ABOUT THIS EXERCISE: The entries that follow include a run beginning at the line with "poch de j)." and ending at the line with "([qpoch], [dual_qpoch]) are"; restate that run word for word and leave the rest out.

[Collected data]
_ _ _

(* Let $k\ge0$ and $N\ge0$ be integers and $a,b,c,d,e,f\in\mathbb{C}$ generic. For a polynomial $Q$ with $Q(N)\ne0$, put $R(n)=Q(N-n)/Q(N)$ and $$L_Q=\sum_{n=0}^N\frac{(a)_n(1+\tfrac a2)_n(b)_n(c)_n(d)_n(e)_n(-N)_n}{n!\,(\tfrac a2)_n(1+a-b)_n(1+a-c)_n(1+a-d)_n(1+a-e)_n(1+a+N)_n}\,R(n).$$ (i) If $Q(n)=Q_k^{(2)}(n;-a-2N;d-a-N,e-a-N)$, then $$L_Q=\frac{1}{Q(N)}\,\frac{(1+a)_N(1-k+a-d-e)_N}{(1+a-d)_N(1+a-e)_N}\;{}_4F_3\!\left[\begin{matrix}1+a-b-c,\ d,\ e,\ -N\\ 1+a-b,\ 1+a-c,\ k-a+d+e-N\end{matrix}\,\Big|\,1\right].$$ (ii) If $Q(n)=Q_k^{(2)}(n;-a-2N;d-a-N,e-a-N,f-a-N)$, then $$L_Q=\frac{1}{Q(N)}\,\frac{(1+a)_N(1-k+a-d-e)_N(1-k+a-f)_N}{(1+a-d)_N(1+a-e)_N(1+a-f)_N}\;{}_5F_4\!\left[\begin{matrix}1+a-b-c,\ d,\ e,\ 1+a-f,\ -N\\ 1+a-b,\ 1+a-c,\ k-a+d+e-N,\ 1-k+a-f\end{matrix}\,\Big|\,1\right].$$
   Context: $(c)_n$ denotes the Pochhammer symbol, $(c)_0=1$; ${}_pF_q(1)$ denotes the (terminating) generalized hypergeometric series at argument $1$. The polynomials are $Q_k^{(2)}(n;\alpha;\beta,\gamma)=\sum_{j=0}^k\frac{(-n)_j(n+\alpha)_j(-k)_j}{j!(\beta)_j(\gamma)_j}$ and $Q_k^{(2)}(n;\alpha;\beta,\gamma,\delta)=\sum_{j=0}^k\frac{(-n)_j(n+\alpha)_j(-k)_j(k-1-\alpha+\beta+\gamma+\delta)_j}{j!(\beta)_j(\gamma)_j(\delta)_j}$. Parameters are generic so that no lower parameter is a nonpositive integer (among the first $N$ Pochhammer factors) and no denominator vanishes. *)

From HB Require Import structures.
From mathcomp Require Import all_boot all_order all_algebra.
Set Implicit Arguments. Unset Strict Implicit. Unset Printing Implicit Defensive.
Import Order.TTheory GRing.Theory Num.Theory.
Local Open Scope ring_scope.

Definition poch (R : ringType) (x : R) (n : nat) : R :=
  \prod_(i < n) (x + i%:R).

Definition Q2 (R : fieldType) (k : nat) (n al be ga : R) : R :=
  \sum_(j < k.+1)
    (poch (- n) j * poch (n + al) j * poch (- k%:R) j)
    / (j`!%:R * poch be j * poch ga j).

Definition Q3 (R : fieldType) (k : nat) (n al be ga de : R) : R :=
  \sum_(j < k.+1)
    (poch (- n) j * poch (n + al) j * poch (- k%:R) j
       * poch (k%:R - 1 - al + be + ga + de) j)
    / (j`!%:R * poch be j * poch ga j * poch de j).

(* Terminating hypergeometric series at argument 1, summed over j = 0..M.
   Used only with an upper parameter -M, so this is the full series. *)
Definition hypF (R : fieldType) (M : nat) (us ds : seq R) : R :=
  \sum_(j < M.+1)
    (\prod_(u <- us) poch u j) / (j`!%:R * \prod_(v <- ds) poch v j).

Definition LQ (R : fieldType) (N : nat) (a b c d e : R) (Q : R -> R) : R :=
  \sum_(n < N.+1)
    (poch a n * poch (1 + a / 2%:R) n * poch b n * poch c n * poch d n
       * poch e n * poch (- N%:R) n)
    / (n`!%:R * poch (a / 2%:R) n * poch (1 + a - b) n * poch (1 + a - c) n
       * poch (1 + a - d) n * poch (1 + a - e) n * poch (1 + a + N%:R) n)
    * (Q (N%:R - n%:R) / Q N%:R).

From HB Require Import structures.
From mathcomp Require Import all_boot all_order all_algebra.
From mathcomp Require Import ring zify.
Set Implicit Arguments. Unset Strict Implicit. Unset Printing Implicit Defensive.
Import Order.TTheory GRing.Theory Num.Theory.
Local Open Scope ring_scope.

(* Write the summand of L_Q as w(n) r_bc(n) r_de(n) R(n), where w is the
   very-well-poised weight and r_xy(n) = (x)_n (y)_n / ((1+a-x)_n (1+a-y)_n).
   The bases phi_i(n) = (-n)_i (n+a)_i and psi_j(n) = (n-N)_j (-n-a-N)_j
   ([qpoch], [dual_qpoch]) are biorthogonal for w, the off-diagonal sums being
   telescoping.  By the
   Pfaff-Saalschutz sum, r_bc expands in the phi_i and r_de psi_j in the psi_l,
   while Q(N-n) is by definition a combination of the psi_j.  Biorthogonality
   then collapses the sum over n, leaving a single sum over i whose inner sum
   over j is a Chu-Vandermonde sum for the two-parameter Q and a
   Pfaff-Saalschutz sum for the three-parameter Q; what remains is the 4F3,
   resp. 5F4. *)

(** * Pochhammer symbols *)

Section Pochhammer.
Variable R : comNzRingType.
Implicit Types (x y : R) (m n i j : nat).

Lemma poch0 x : poch x 0 = 1.
Proof. by rewrite /poch big_ord0. Qed.

Lemma pochS x n : poch x n.+1 = poch x n * (x + n%:R).
Proof. by rewrite /poch big_ord_recr. Qed.

Lemma pochSl x n : poch x n.+1 = x * poch (x + 1) n.
Proof.
rewrite /poch big_ord_recl /= addr0; congr (_ * _); apply: eq_bigr => i _.
by rewrite /bump /= add1n -natr1; ring.
Qed.

Lemma pochD x m n : poch x (m + n) = poch x m * poch (x + m%:R) n.
Proof.
elim: n => [|n IH]; first by rewrite addn0 poch0 mulr1.
by rewrite addnS !pochS IH natrD addrA mulrA.
Qed.

Lemma poch_split x n i : (i <= n)%N -> poch x n = poch x i * poch (x + i%:R) (n - i).
Proof. by move=> le_in; rewrite -pochD subnKC. Qed.

Lemma poch_Nnat_eq0 n j : (n < j)%N -> poch (- n%:R : R) j = 0.
Proof. by move=> lt_nj; rewrite -(subnKC lt_nj) pochD pochS addNr mulr0 mul0r. Qed.

Lemma poch_reflect x n : poch x n = (-1) ^+ n * poch (1 - x - n%:R) n.
Proof.
elim: n x => [|n IH] x; first by rewrite !poch0 expr0 mul1r.
rewrite pochS IH pochSl exprS -natr1.
have -> : 1 - x - (n%:R + 1) + 1 = 1 - x - n%:R by ring.
ring.
Qed.

Lemma poch_reflect_mul x y n :
  poch x n * poch y n = poch (1 - x - n%:R) n * poch (1 - y - n%:R) n.
Proof. by rewrite [poch x n]poch_reflect [poch y n]poch_reflect mulrACA -expr2 sqrr_sign mul1r. Qed.

Lemma poch_Nnat_fact n : poch (- n%:R : R) n = (-1) ^+ n * n`!%:R.
Proof.
rewrite poch_reflect; congr (_ * _).
have -> : 1 - (- n%:R) - n%:R = 1 :> R by ring.
elim: n => [|n IH]; first by rewrite poch0.
by rewrite pochS IH factS natrM -natr1 mulrC addrC.
Qed.

Lemma poch_Nnat_sign M j : (j <= M)%N ->
  poch (- M%:R : R) j * (-1) ^+ j * (M - j)`!%:R = M`!%:R.
Proof.
elim: j => [|j IH] le_jM; first by rewrite poch0 expr0 subn0 !mul1r.
rewrite -IH ?(ltnW le_jM) // pochS exprS -(subnSK le_jM) factS natrM.
by rewrite (subnSK le_jM) natrB 1?ltnW //; ring.
Qed.

Lemma poch_tail y N i : (i <= N)%N ->
  poch y (N - i) * ((-1) ^+ i * poch (1 - y - N%:R) i) = poch y N.
Proof.
move=> le_iN; rewrite [poch (1 - y - N%:R) i]poch_reflect mulrA -expr2 sqrr_sign mul1r.
rewrite -{3}(subnK le_iN) pochD; congr (_ * poch _ _).
by rewrite natrB //; ring.
Qed.

End Pochhammer.

Section PochhammerNonzero.
Variable R : idomainType.
Implicit Types (x : R).

Lemma poch_neq0_leq x m n : (m <= n)%N -> poch x n != 0 -> poch x m != 0.
Proof. by move=> le_mn; rewrite (poch_split x le_mn) mulf_eq0 negb_or => /andP[]. Qed.

Lemma poch_shift_neq0 x m n :
  (m <= n)%N -> poch x n != 0 -> poch (x + m%:R) (n - m) != 0.
Proof. by move=> le_mn; rewrite (poch_split x le_mn) mulf_eq0 negb_or => /andP[]. Qed.

End PochhammerNonzero.

Lemma natr_fact_neq0 (R : numDomainType) n : (n`!%:R : R) != 0.
Proof. by rewrite pnatr_eq0 -lt0n fact_gt0. Qed.

(** * Classical summation formulas *)

Definition qpoch (R : comNzRingType) (a : R) (i p : nat) : R :=
  poch (- p%:R) i * poch (p%:R + a) i.

Section QuadraticPochhammer.
Variable R : comNzRingType.
Implicit Types (a : R) (i p : nat).

Lemma qpoch0 a p : qpoch a 0 p = 1.
Proof. by rewrite /qpoch !poch0 mulr1. Qed.

Lemma qpoch_eq0 a i p : (p < i)%N -> qpoch a i p = 0.
Proof. by move=> lt_pi; rewrite /qpoch poch_Nnat_eq0 // mul0r. Qed.

Lemma qpochSS a i p :
  qpoch a i.+1 p.+1 = qpoch a i.+1 p - i.+1%:R * (a + 2%:R * p%:R + 1) * qpoch (a + 1) i p.
Proof.
rewrite /qpoch pochSl [poch (- p%:R) _]pochS pochS [poch (p%:R + a) _]pochSl.
have -> : - p.+1%:R + 1 = - p%:R :> R by rewrite -natr1; ring.
have -> : p.+1%:R + a = p%:R + (a + 1) :> R by rewrite -natr1; ring.
have -> : p%:R + a + 1 = p%:R + (a + 1) :> R by ring.
rewrite -!natr1; ring.
Qed.

Lemma qpochS a i p :
  qpoch a i p.+1 * ((i%:R - p.+1%:R) * (p%:R + a))
  = - (p.+1%:R * (p%:R + a + i%:R)) * qpoch a i p.
Proof.
have shift (x : R) : poch x i * (x + i%:R) = x * poch (x + 1) i by rewrite -pochS pochSl.
have shiftN := shift (- p.+1%:R); have shiftD := shift (p%:R + a).
rewrite (_ : - p.+1%:R + 1 = - p%:R) in shiftN; last by rewrite -natr1; ring.
rewrite (_ : p%:R + a + 1 = p.+1%:R + a) in shiftD; last by rewrite -natr1; ring.
rewrite /qpoch (_ : forall A B : R, A * B * ((i%:R - p.+1%:R) * (p%:R + a))
   = (A * (- p.+1%:R + i%:R)) * ((p%:R + a) * B)); last by move=> A B; ring.
by rewrite shiftN -shiftD; ring.
Qed.

End QuadraticPochhammer.

Section ClassicalSums.
Variable R : numFieldType.
Implicit Types (a x : R).

(* Pfaff-Saalschutz, read as the expansion of (1+a-B)_p (1+a-D)_p in the
   basis [qpoch a _ p]. *)
Lemma saalschutz_qpoch p a (B D s : R) : s = B + D - 1 - a ->
  poch (1 + a - B) p * poch (1 + a - D) p =
  \sum_(l < p.+1) poch s l / l`!%:R * qpoch a l p * poch (B + l%:R) (p - l)
                   * poch (D + l%:R) (p - l).
Proof.
elim: p a B D s => [|p IH] a B D s Ds.
  by rewrite big_ord1 /= !poch0 qpoch0 divr1 !mulr1.
have IH0 := IH a B D s Ds.
have IH1 := IH (a + 1) (B + 1) (D + 1) (s + 1) (ltac:(rewrite Ds; ring)).
rewrite (_ : 1 + (a + 1) - (B + 1) = 1 + a - B) in IH1; last by ring.
rewrite (_ : 1 + (a + 1) - (D + 1) = 1 + a - D) in IH1; last by ring.
rewrite big_ord_recl /= qpoch0 poch0 subn0 !addr0 fact0 divr1 !mul1r.
under eq_bigr => i _ do rewrite /bump /= add1n subSS qpochSS.
pose X (i : nat) := poch s i.+1 / i.+1`!%:R * qpoch a i.+1 p
   * poch (B + i.+1%:R) (p - i) * poch (D + i.+1%:R) (p - i).
pose Y (i : nat) := poch (s + 1) i / i`!%:R * qpoch (a + 1) i p
   * poch (B + 1 + i%:R) (p - i) * poch (D + 1 + i%:R) (p - i).
rewrite (eq_bigr (fun i : 'I_p.+1 => X i - (a + 2%:R * p%:R + 1) * s * Y i)); last first.
  move=> i _; rewrite /X /Y pochSl factS natrM.
  rewrite -[i.+1%:R]natr1 !addrA (addrAC B) (addrAC D).
  have := natr_fact_neq0 R i; have : i%:R + 1 != 0 :> R by rewrite natr1 pnatr_eq0.
  by move=> hS hf; field; rewrite hf hS.
rewrite sumrB -mulr_sumr -IH1 big_ord_recr /= /X qpoch_eq0 // mulr0 !mul0r addr0.
rewrite big_ord_recl /= qpoch0 poch0 subn0 !addr0 fact0 divr1 !mul1r in IH0.
have sumX : \sum_(i < p) X i = (B + p%:R) * (D + p%:R) *
   (poch (1 + a - B) p * poch (1 + a - D) p - poch B p * poch D p).
  rewrite IH0 addrAC subrr add0r mulr_sumr; apply: eq_bigr => i _; rewrite /X.
  rewrite -(subnSK (ltn_ord i)) !pochS -!addrA -!natrD subnKC //; ring.
by rewrite sumX !pochS Ds; ring.
Qed.

Section ChuVandermonde.
Variable x : R.

Let chu_term k M j :=
  poch (- k%:R) j * poch (- M%:R) j * (-1) ^+ j * poch x (M - j) / j`!%:R.

Lemma chu_termS k M i :
  chu_term k.+1 M i.+1 = chu_term k M i.+1 - M%:R * chu_term k M.-1 i.
Proof.
rewrite /chu_term.
have -> : poch (- k.+1%:R : R) i.+1 = poch (- k%:R) i.+1 - i.+1%:R * poch (- k%:R) i.
  rewrite pochSl pochS (_ : - k.+1%:R + 1 = - k%:R :> R); last by rewrite -natr1; ring.
  by rewrite -!natr1; ring.
case: M => [|M]; first by rewrite [poch (- 0%:R) i.+1]poch_Nnat_eq0 //; ring.
rewrite [poch (- M.+1%:R) i.+1]pochSl /= subSS factS natrM exprS.
rewrite (_ : - M.+1%:R + 1 = - M%:R :> R); last by rewrite -natr1; ring.
have hf := natr_fact_neq0 R i; have hS : i%:R + 1 != 0 :> R by rewrite natr1 pnatr_eq0.
by rewrite -!natr1; field; rewrite hf hS.
Qed.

_ _ _

TASK ANSWER:
    / (j`!%:R * poch be j * poch ga j * poch de j).

(* Terminating hypergeometric series at argument 1, summed over j = 0..M.
   Used only with an upper parameter -M, so this is the full series. *)
Definition hypF (R : fieldType) (M : nat) (us ds : seq R) : R :=
  \sum_(j < M.+1)
    (\prod_(u <- us) poch u j) / (j`!%:R * \prod_(v <- ds) poch v j).

Definition LQ (R : fieldType) (N : nat) (a b c d e : R) (Q : R -> R) : R :=
  \sum_(n < N.+1)
    (poch a n * poch (1 + a / 2%:R) n * poch b n * poch c n * poch d n
       * poch e n * poch (- N%:R) n)
    / (n`!%:R * poch (a / 2%:R) n * poch (1 + a - b) n * poch (1 + a - c) n
       * poch (1 + a - d) n * poch (1 + a - e) n * poch (1 + a + N%:R) n)
    * (Q (N%:R - n%:R) / Q N%:R).

From HB Require Import structures.
From mathcomp Require Import all_boot all_order all_algebra.
From mathcomp Require Import ring zify.
Set Implicit Arguments. Unset Strict Implicit. Unset Printing Implicit Defensive.
Import Order.TTheory GRing.Theory Num.Theory.
Local Open Scope ring_scope.

(* Write the summand of L_Q as w(n) r_bc(n) r_de(n) R(n), where w is the
   very-well-poised weight and r_xy(n) = (x)_n (y)_n / ((1+a-x)_n (1+a-y)_n).
   The bases phi_i(n) = (-n)_i (n+a)_i and psi_j(n) = (n-N)_j (-n-a-N)_j
   ([qpoch], [dual_qpoch]) are biorthogonal for w, the off-diagonal sums being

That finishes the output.